I can feel that part of my brain, immediately upon noting how she once hit me. Instantly going to re-frame, make that sound better. I note how it only happened once, minimizing the damage. It is the part of my mind that will insist that I was never injured by any of my family members, never had to seek medical help for anything. Like somehow the the lack of greater trauma made it all OK.
I asked CK to come to my physical/craniosacral therapy appointment with IW, trying to listen to the voice that needs. It was good to have her there and IW taught her a few releases for some of my recurring trigger points in my back and left hip. I decided not to write at all last night nor did I end up sitting.
This morning, crying in bed I decided to take the day off. Well, CK helped me to decide, helped me listen to the ways in which I just needed to cry, to rest, rather than listen to my inner critic who kept telling me to get up, get dressed, and go to work, be a grown up.
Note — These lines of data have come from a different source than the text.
Lemma left_limit_cvg_at0 u (g : R -> R) : 0 < u <= 1 ->
  (forall a, 0 < a <= T -> forall e : R, 0 < e ->
     exists2 d : R, 0 < d & forall v, u - d < v < u -> 0 <= v ->
       forall t, a <= t <= T -> `|z v t - g t| < e) ->
  g t @[t --> 0^'+] --> u.
Proof.
move=> /andP[u0 u1] gl; apply/cvgrPdist_lt => e e0.
have e3 : 0 < e / 3 by rewrite divr_gt0.
near=> t.
have t0 : 0 < t by near: t; exact: nbhs_right_gt.
have tT : t <= T by near: t; exact: nbhs_right_le.
have close : forall w, 0 <= w <= 1 -> `|z w t - w| < e / 3.
  by near: t; exact: z_unif.
have [d d0 hd] := gl t (introT andP (conj t0 tT)) (e / 3) e3.
pose m := Num.min d (Num.min u (e / 3)).
have m0 : 0 < m by rewrite !lt_min d0 u0 e3.
have [md mu me] : [/\ m <= d, m <= u & m <= e / 3] by rewrite !ge_min !lexx !orbT.
have vI : 0 <= u - m / 2 <= 1 by apply/andP; split; lra.
have hv : `|z (u - m / 2) t - g t| < e / 3.
  by apply: hd; [apply/andP; split; lra | lra | rewrite lexx tT].
move: hv (close _ vI); rewrite !ltr_norml => /andP[? ?] /andP[? ?].
apply/andP; split; lra.
Unshelve. all: by end_near.
Qed.

Lemma ext0_left_limit u : 0 < u <= 1 -> exists g : R -> R,
  {within `[0, T], continuous g} /\ forall e : R, 0 < e ->
    exists2 d : R, 0 < d & forall v, u - d < v < u -> 0 <= v ->
      forall t, 0 <= t <= T -> `|ext0 z v t - g t| < e.
Proof.
move=> uI; have /andP[u0 u1] := uI.
have [g [gc gl]] := zD.2.2 u uI.
have g0 := left_limit_cvg_at0 uI gl.
exists (fun t => if t == 0 then u else g t).
split; first exact: continuous_extension_at0.
move=> e e0; have e3 : 0 < e / 3 by rewrite divr_gt0.
have near_small : \forall t \near 0^'+,
    (forall w, 0 <= w <= 1 -> `|z w t - w| < e / 3) /\ `|u - g t| < e / 3.
  by apply/near_andP; split; [exact: z_unif | exact: (cvgrPdist_lt _ _).1 g0 _ e3].
have [a aI small] := near_at_right0_bound T0 near_small.
have [d d0 hd] := gl a aI e e0.
exists (Num.min d (e / 3)); first by rewrite lt_min d0 e3.
have md : Num.min d (e / 3) <= d by rewrite ge_min lexx.
have me : Num.min d (e / 3) <= e / 3 by rewrite ge_min lexx orbT.
move=> v /andP[vu1 vu] v0 t /andP[t0 tT]; rewrite /ext0.
have [_|tn0] := eqVneq t 0; first by rewrite ltr_norml; apply/andP; split; lra.
have [at_|ta] := leP a t.
  by apply: hd; [apply/andP; split; lra | done | rewrite at_ tT].
have tI : 0 < t < a by rewrite lt_neqAle eq_sym tn0 t0 ta.
have vI : 0 <= v <= 1 by rewrite v0 ltW // (lt_le_trans vu u1).
have [/(_ v vI) + +] := small t tI; rewrite !ltr_norml => /andP[? ?] /andP[? ?].
apply/andP; split; lra.
Qed.
Section ExtensionBases.
Variables (p : nat) (p_prime : prime p) (f : nat) (f_gt0 : (0 < f)%N).
Variables (kE : finFieldType) (r : 'I_f -> nat).
Hypothesis r_range : forall i, (1 <= r i <= p)%N.
Variables (J : {set 'I_f}) (a b : kE).
Hypotheses (a_neq0 : a != 0) (b_neq0 : b != 0).
(* The component index of phiM, iota and pi is kept explicit. *)
Unset Implicit Arguments.
Variables (M : 'I_f -> lmodType (pser kE))
  (phiM : forall i : 'I_f, M (iprev i) -> M i)
  (iota : forall i : 'I_f, pser kE -> M i)
  (pi : forall i : 'I_f, M i -> pser kE).
Hypothesis ext : is_extension p (fun i => (r i - hJ J r i)%N) b (hJ J r) a
                              M phiM iota pi.
Set Implicit Arguments.
Local Notation h := (hJ J r).
Local Notation s i := (r i - hJ J r i)%N.
Let p_ge2 : (2 <= p)%N := prime_gt1 p_prime.

Definition coefA i : pser kE := pser_const (twist a i) * pser_u kE ^+ h i.
Definition coefB i : pser kE := pser_const (twist b i) * pser_u kE ^+ s i.

Lemma phiD i (m m' : M (iprev i)) : phiM i (m + m') = phiM i m + phiM i m'.
Proof. by have [H _] := ext; apply: H. Qed.
Lemma phiZ i x (m : M (iprev i)) : phiM i (x *: m) = pser_frob p x *: phiM i m.
Proof. by have [_ [H _]] := ext; apply: H. Qed.
Lemma iota_lin i x y z : iota i (x * y + z) = x *: iota i y + iota i z.
Proof. by have [_ [_ [H _]]] := ext; apply: H. Qed.
Lemma pi_lin i x (m m' : M i) : pi i (x *: m + m') = x * pi i m + pi i m'.
Proof. by have [_ [_ [_ [H _]]]] := ext; apply: H. Qed.
Lemma phi_iota i x : phiM i (iota (iprev i) x) = iota i (phi_rk1 p (fun j => s j) b i x).
Proof. by have [_ [_ [_ [_ [H _]]]]] := ext; apply: H. Qed.
Lemma pi_phi i (m : M (iprev i)) : pi i (phiM i m) = phi_rk1 p h a i (pi (iprev i) m).
Proof. by have [_ [_ [_ [_ [_ [H _]]]]]] := ext; apply: H. Qed.
Lemma iota_inj i : injective (iota i).
Proof. by have [_ [_ [_ [_ [_ [_ [H _]]]]]]] := ext; apply: H. Qed.
Lemma pi_surj i y : exists m : M i, pi i m = y.
Proof. by have [_ [_ [_ [_ [_ [_ [_ [H _]]]]]]]] := ext; apply: H. Qed.
Lemma pi_ker i (m : M i) : pi i m = 0 <-> exists x, m = iota i x.
Proof. by have [_ [_ [_ [_ [_ [_ [_ [_ H]]]]]]]] := ext; apply: H. Qed.

Definition e i : M i := iota i 1.

Lemma iota0 i : iota i 0 = 0.
Proof.
have := iota_lin i 1 0 0; rewrite mulr0 addr0 scale1r => E.
by apply: (addrI (iota i 0)); rewrite addr0 -E.
Qed.

Lemma iotaE i y : iota i y = y *: e i.
Proof. by have := iota_lin i y 1 0; rewrite mulr1 addr0 iota0 addr0. Qed.

Lemma piZ i x (m : M i) : pi i (x *: m) = x * pi i m.
Proof.
have pi0 : pi i 0 = 0.
  have := @pi_lin i 1 0 0; rewrite scaler0 addr0 mul1r => E.
  by apply: (addrI (pi i 0)); rewrite addr0 -E.
by rewrite -[x *: m]addr0 pi_lin pi0 addr0.
Qed.

Lemma piD i (m m' : M i) : pi i (m + m') = pi i m + pi i m'.
Proof. by rewrite -[m]scale1r pi_lin scale1r mul1r. Qed.
Lemma pm_eval_conj x : conj_fixed P x -> forall i, pm_eval F x (Q i) = Cconj (pm_eval F x i).
Proof.
move=> x_fixed i; rewrite /pm_eval F_equivariant peval_prename -peval_conj.
exact/eq_peval/ext_conj_fixed.
Qed.

Lemma jac_conj x : conj_fixed P x -> forall i j, jac F x (Q i) (P j) = Cconj (jac F x i j).
Proof.
move=> x_fixed i j; rewrite /jac F_equivariant -pi_ord pderiv_prename // peval_prename.
by rewrite -peval_conj; exact/eq_peval/ext_conj_fixed.
Qed.

Lemma newton_conj_fixed x : conj_fixed P x -> conj_fixed P (newton F x).
Proof.
move=> x_fixed; rewrite /newton; case: excluded_middle_informative => // J_inv j /=.
have J_B := epsilon_spec (inhabits (fun _ _ => C0)) _ J_inv.
rewrite CconjB x_fixed (mv_conj_perm QK) //; last exact: pm_eval_conj.
exact: inverse_conj_perm PK QK _ _ (jac_conj _ x_fixed) J_B.
Qed.

Theorem newton_invariant_conj_fixed : newton_invariant F (conj_fixed P).
Proof.
split=> [|x L x_fixed x_L]; first exact: newton_conj_fixed.
apply: (conj_fixed_closed x_L) => t; elim: t => //= t IH; exact: newton_conj_fixed.
Qed.

End ConjugationSymmetry.

Arguments ext_conj_fixed {n P pi}.
Arguments newton_invariant_conj_fixed {n F P Q pi}.

Lemma newton_invariant_eq {n} {F : 'I_n -> pexpr nat} {V W : ('I_n -> C) -> Prop} :
  (forall x, V x <-> W x) -> newton_invariant F V -> newton_invariant F W.
Proof.
move=> VW [V_step V_lim]; split=> [x /VW /V_step /VW //|x L /VW x_V x_L].
exact/VW/(V_lim x).
Qed.

Section BlockLayout.
Variables k l : nat.

Definition cd_swap base q i :=
  if (base + k * q <= i < base + (k + l) * q)%N then (i + l * q)%N
  else if (base + (k + l) * q <= i < base + (k + 2 * l) * q)%N then (i - l * q)%N
  else i.

Lemma cd_swapK base q : involutive (cd_swap base q).
Proof. by move=> i; rewrite /cd_swap; do !case: ifP => /=; lia. Qed.

Lemma cd_swap_inj base q : injective (cd_swap base q).
Proof. exact: can_inj (cd_swapK base q). Qed.

Lemma cd_swap_lt base q n :
  n = (base + (k + 2 * l) * q)%N -> forall i : 'I_n, (cd_swap base q i < n)%N.
Proof. by move=> -> i; have := ltn_ord i; rewrite /cd_swap; do !case: ifP => /=; lia. Qed.

Definition cd_swap_ord base q n (e : n = (base + (k + 2 * l) * q)%N) (i : 'I_n) : 'I_n :=
  Ordinal (cd_swap_lt base q n e i).

Lemma cd_swap_ordK base q n e : involutive (@cd_swap_ord base q n e).
Proof. by move=> i; apply: val_inj; rewrite /= cd_swapK. Qed.

Variant layout_spec base q : nat -> Type :=
| LayoutA i of (i < base)%N : layout_spec base q i
| LayoutB r t of (r < k)%N & (t < q)%N : layout_spec base q (base + r * q + t)
| LayoutC s t of (s < l)%N & (t < q)%N : layout_spec base q (base + (k + s) * q + t)
| LayoutD s t of (s < l)%N & (t < q)%N : layout_spec base q (base + (k + l + s) * q + t).

Lemma layoutP base q i : (i < base + (k + 2 * l) * q)%N -> layout_spec base q i.
Proof.
case: (ltnP i base) => [lt_ib _|le_bi lt_i]; first exact: LayoutA.
have q_gt0 : (0 < q)%N by case: q lt_i => [|//]; rewrite muln0 addn0; lia.
have lt_tq : ((i - base) %% q < q)%N by rewrite ltn_mod.
have i_eq : i = (base + (i - base) %/ q * q + (i - base) %% q)%N.
  by rewrite -addnA -divn_eq; lia.
move: ((i - base) %/ q) ((i - base) %% q) i_eq lt_tq lt_i => r t -> lt_tq lt_i.
have lt_r : (r < k + 2 * l)%N by rewrite -(ltn_pmul2r q_gt0); lia.
case: (ltnP r k) => [lt_rk|le_kr]; first exact: LayoutB.
case: (ltnP r (k + l)) => [lt_rkl|le_klr].
  by rewrite (_ : r = k + (r - k))%N; [apply: LayoutC; lia | lia].
by rewrite (_ : r = k + l + (r - k - l))%N; [apply: LayoutD; lia | lia].
Qed.

Lemma cd_swap_a base q i : (i < base)%N -> cd_swap base q i = i.
Proof. by rewrite /cd_swap; do !case: ifP => /=; lia. Qed.

Lemma cd_swap_b base q r t : (r < k)%N -> (t < q)%N ->
  cd_swap base q (base + r * q + t) = (base + r * q + t)%N.
Proof. by rewrite /cd_swap; do !case: ifP => /=; nia. Qed.

Lemma cd_swap_c base q s t : (s < l)%N -> (t < q)%N ->
  cd_swap base q (base + (k + s) * q + t) = (base + (k + l + s) * q + t)%N.
Proof. by rewrite /cd_swap; do !case: ifP => /=; nia. Qed.

Lemma cd_swap_d base q s t : (s < l)%N -> (t < q)%N ->
  cd_swap base q (base + (k + l + s) * q + t) = (base + (k + s) * q + t)%N.
Proof. by move=> lt_sl lt_tq; rewrite -cd_swap_c ?cd_swapK. Qed.

End BlockLayout.

Arguments layoutP {k l base q i}.

Section Assemble.
Variables (m k l q : nat) (a : nat -> R) (b : nat -> nat -> R) (c : nat -> nat -> C).
Local Notation assemble := (assemble m k l q a b c).

Lemma assemble_a i : (i < m)%N -> assemble i = RtoC (a i).
Proof. by rewrite /assemble => ->. Qed.

Lemma assemble_block r t : (t < q)%N -> assemble (m + r * q + t) =
  if (r < k)%N then RtoC (b r t) else if (r < k + l)%N then c (r - k) t
  else Cconj (c (r - k - l) t).
Proof.
move=> lt_tq; rewrite /assemble ifN; last by lia.
rewrite (_ : m + r * q + t - m = r * q + t)%N; last by lia.
by rewrite divnMDl ?modnMDl ?divn_small ?modn_small ?addn0 //; lia.
Qed.

Lemma assemble_b r t : (r < k)%N -> (t < q)%N -> assemble (m + r * q + t) = RtoC (b r t).
Proof. by move=> lt_rk lt_tq; rewrite assemble_block // lt_rk. Qed.

Lemma assemble_c s t : (s < l)%N -> (t < q)%N -> assemble (m + (k + s) * q + t) = c s t.
Proof.
by move=> lt_sl lt_tq; rewrite assemble_block // ltnNge leq_addr ltn_add2l lt_sl addKn.
Qed.

Lemma assemble_d s t : (s < l)%N -> (t < q)%N ->
  assemble (m + (k + l + s) * q + t) = Cconj (c s t).
Proof.
move=> lt_sl lt_tq; rewrite assemble_block // !ifN; try lia.
by rewrite (_ : k + l + s - k - l = s)%N //; lia.
Qed.

Lemma assemble_cd_swap i : (i < m + (k + 2 * l) * q)%N ->
  assemble (cd_swap k l m q i) = Cconj (assemble i).
Proof.
case/layoutP=> [{}i lt_im|r t lt_rk lt_tq|s t lt_sl lt_tq|s t lt_sl lt_tq].
- by rewrite cd_swap_a // assemble_a // CconjR.
- by rewrite cd_swap_b // assemble_b // CconjR.
- by rewrite cd_swap_c // assemble_d // assemble_c.
- by rewrite cd_swap_d // assemble_c // assemble_d // CconjK.
Qed.

End Assemble.

Lemma conj_fixed_iff_Vset m k l q (x : 'I_(m + (k + 2 * l) * q) -> C) :
  conj_fixed (cd_swap_ord k l m q _ erefl) x <-> Vset m k l q x.
Proof.
split=> [x_fixed|[a [b [c x_eq]]] j]; last by rewrite !x_eq assemble_cd_swap.
have x_sym := ext_conj_fixed (cd_swap_ordK k l m q _ erefl) (cd_swap_inj k l m q)
  (fun=> erefl) _ x_fixed.
exists (fun i => fst (ext x i)), (fun r t => fst (ext x (m + r * q + t))),
  (fun s t => ext x (m + (k + s) * q + t)).
move=> j; rewrite -extE.
case: (layoutP (ltn_ord j)) => [i lt_im|r t lt_rk lt_tq|s t lt_sl lt_tq|s t lt_sl lt_tq].
- by rewrite assemble_a //; apply: Cconj_real; rewrite -x_sym cd_swap_a.
- by rewrite assemble_b //; apply: Cconj_real; rewrite -x_sym cd_swap_b.
- by rewrite assemble_c.
- by rewrite assemble_d // -x_sym cd_swap_c.
Qed.

Section NewtonMapSymmetry.
Variables (m k l q u w : nat).
Hypothesis hdim : (m + (k + 2 * l) * q)%N = (u + (k + 2 * l) * w)%N.
Variables (g : 'I_u -> pexpr 'I_m) (p : 'I_w -> pexpr 'I_(m + q)).
Local Notation N := (m + (k + 2 * l) * q)%N.
Local Notation F := (fF m k l q u w g p).
Local Notation swap_in := (cd_swap k l m q).

Lemma fF_a {o : 'I_N} {i} (lt_iu : (i < u)%N) :
  nat_of_ord o = i -> F o = prename (@nat_of_ord m) (g (Ordinal lt_iu)).
Proof. by move=> o_i; rewrite /fF o_i insubT. Qed.

Lemma fF_block {o : 'I_N} {r t} (lt_tw : (t < w)%N) :
  nat_of_ord o = (u + r * w + t)%N -> F o = prename (blockren m q r) (p (Ordinal lt_tw)).
Proof.
move=> o_rt; rewrite /fF o_rt insubN; last by rewrite -leqNgt -addnA leq_addr.
rewrite (_ : u + r * w + t - u = r * w + t)%N; last by lia.
by rewrite divnMDl ?modnMDl ?divn_small ?modn_small ?addn0 ?insubT //; lia.
Qed.

Lemma cd_swap_blockren r r' :
  (forall t, (t < q)%N -> swap_in (m + r * q + t) = (m + r' * q + t)%N) ->
  swap_in \o blockren m q r =1 blockren m q r'.
Proof.
move=> swap_r v; rewrite /blockren /=; case: ifP => [lt_vm|]; first exact: cd_swap_a.
by move=> /negbT; rewrite -leqNgt => le_mv; apply: swap_r; have := ltn_ord v; lia.
Qed.

Lemma fF_block_equivariant {o o' : 'I_N} {r r' t} : (t < w)%N ->
  nat_of_ord o = (u + r * w + t)%N -> nat_of_ord o' = (u + r' * w + t)%N ->
  (forall t', (t' < q)%N -> swap_in (m + r * q + t') = (m + r' * q + t')%N) ->
  F o' = prename swap_in (F o).
Proof.
move=> lt_tw o_rt o'_rt swap_r; rewrite (fF_block lt_tw o_rt) (fF_block lt_tw o'_rt).
by rewrite prename_comp; apply/esym/eq_prename/cd_swap_blockren.
Qed.

Lemma fF_equivariant (o : 'I_N) : F (cd_swap_ord k l u w N hdim o) = prename swap_in (F o).
Proof.
have lt_o : (o < u + (k + 2 * l) * w)%N by rewrite -hdim.
have : nat_of_ord (cd_swap_ord k l u w N hdim o) = cd_swap k l u w o by [].
move: lt_o; move E: (nat_of_ord o) => i lt_i.
case/layoutP: lt_i E => [{}i lt_iu|r t lt_rk lt_tw|s t lt_sl lt_tw|s t lt_sl lt_tw] E.
- rewrite cd_swap_a // => E'; rewrite (fF_a lt_iu E) (fF_a lt_iu E') prename_comp.
  by apply: eq_prename => v /=; rewrite cd_swap_a.
- rewrite cd_swap_b // => E'; apply: (fF_block_equivariant lt_tw E E') => t'.
  exact: cd_swap_b.
- rewrite cd_swap_c // => E'; apply: (fF_block_equivariant lt_tw E E') => t'.
  exact: cd_swap_c.
- rewrite cd_swap_d // => E'; apply: (fF_block_equivariant lt_tw E E') => t'.
  exact: cd_swap_d.
Qed.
Even suggesting that I was selfish and stupid for being so upset, that I was going to waste a potentially happy vacation day in the future I could spend with CK. An endless stream of reasons as to why I shouldn't just tell work I was taking a day off.
After logging in and seeing I had no meetings, I sent out a message that I wasn't feeling well. CK made me some toast and tea. After finishing those I slept for quite some time, utterly exhausted. I've resisted the urge to do more work beyond logging into my email a couple of times. I have knit a little and we're going to go for a walk out in the sunshine soon. I may even take another nap.
GM noted yesterday that she still thinks I'm expressing grief I've felt and held back for a very long time. I asked her, especially from my Zen perspective, what good is this to go back and look at this, to revisit these things. She said that in going back an feeling the grief I didn't, couldn't allow myself to express I can also look at why I felt that way. In the case of not getting to share a practice with Andy I can look at my need to share a spiritual practice with someone is important and use that experience to remember why I must express my actual needs, rather than rationalize myself, or be rationalize out of them.
Walking Foward
Today seemed to bring a lot of news of deaths. In between trying to get phpMyAdmin running I updated the merit list for Thursday's service with the names that kept arriving in my email today.
I was happy that today brought the lovely news the George Takei finally was able to marry his partner of many years. It has been so beautiful to read news of so many people able to wed legally, even though at times there is great sadness mixed with the joy. It continues to astound me that people choose to be so narrow in their religion as to deny marriage to people, how this isn't so simple.
And then there's me. Married to a man, just what many of those same religious people would pray to come into my life. That I be "straightened" out by the love a good man. Only that isn't what happened at all. A good, even if flawed man, could see immediately I wasn't straight, wasn't even truly bisexual. He said to me tonight that one of the first times he really watched me look at a woman he knew I was a lesbian.
But here I am, I love my best friend but we can no longer ignore the (lesbian) elephant in the room. It is not the only reason he and I have drifted apart these past 4+ years, but my experience with it has changed and made it obvious the ways in which I've still be playing along. Maybe this time I've been doing it, working around my unhappiness, not because I'm tired of being yelled at. Still, doing it because I don't want to hurt someone isn't right either.
I have little hope that the people who currently would deny the right to marry to gay and lesbian couples would stretch even further to not judge me and my relationships. A lesbian married to a man in love with a woman. In a relationship with them both. Our middle way, but to the view of most people it was a path far out on the fringes. Regardless of that, I have to judge the way for me.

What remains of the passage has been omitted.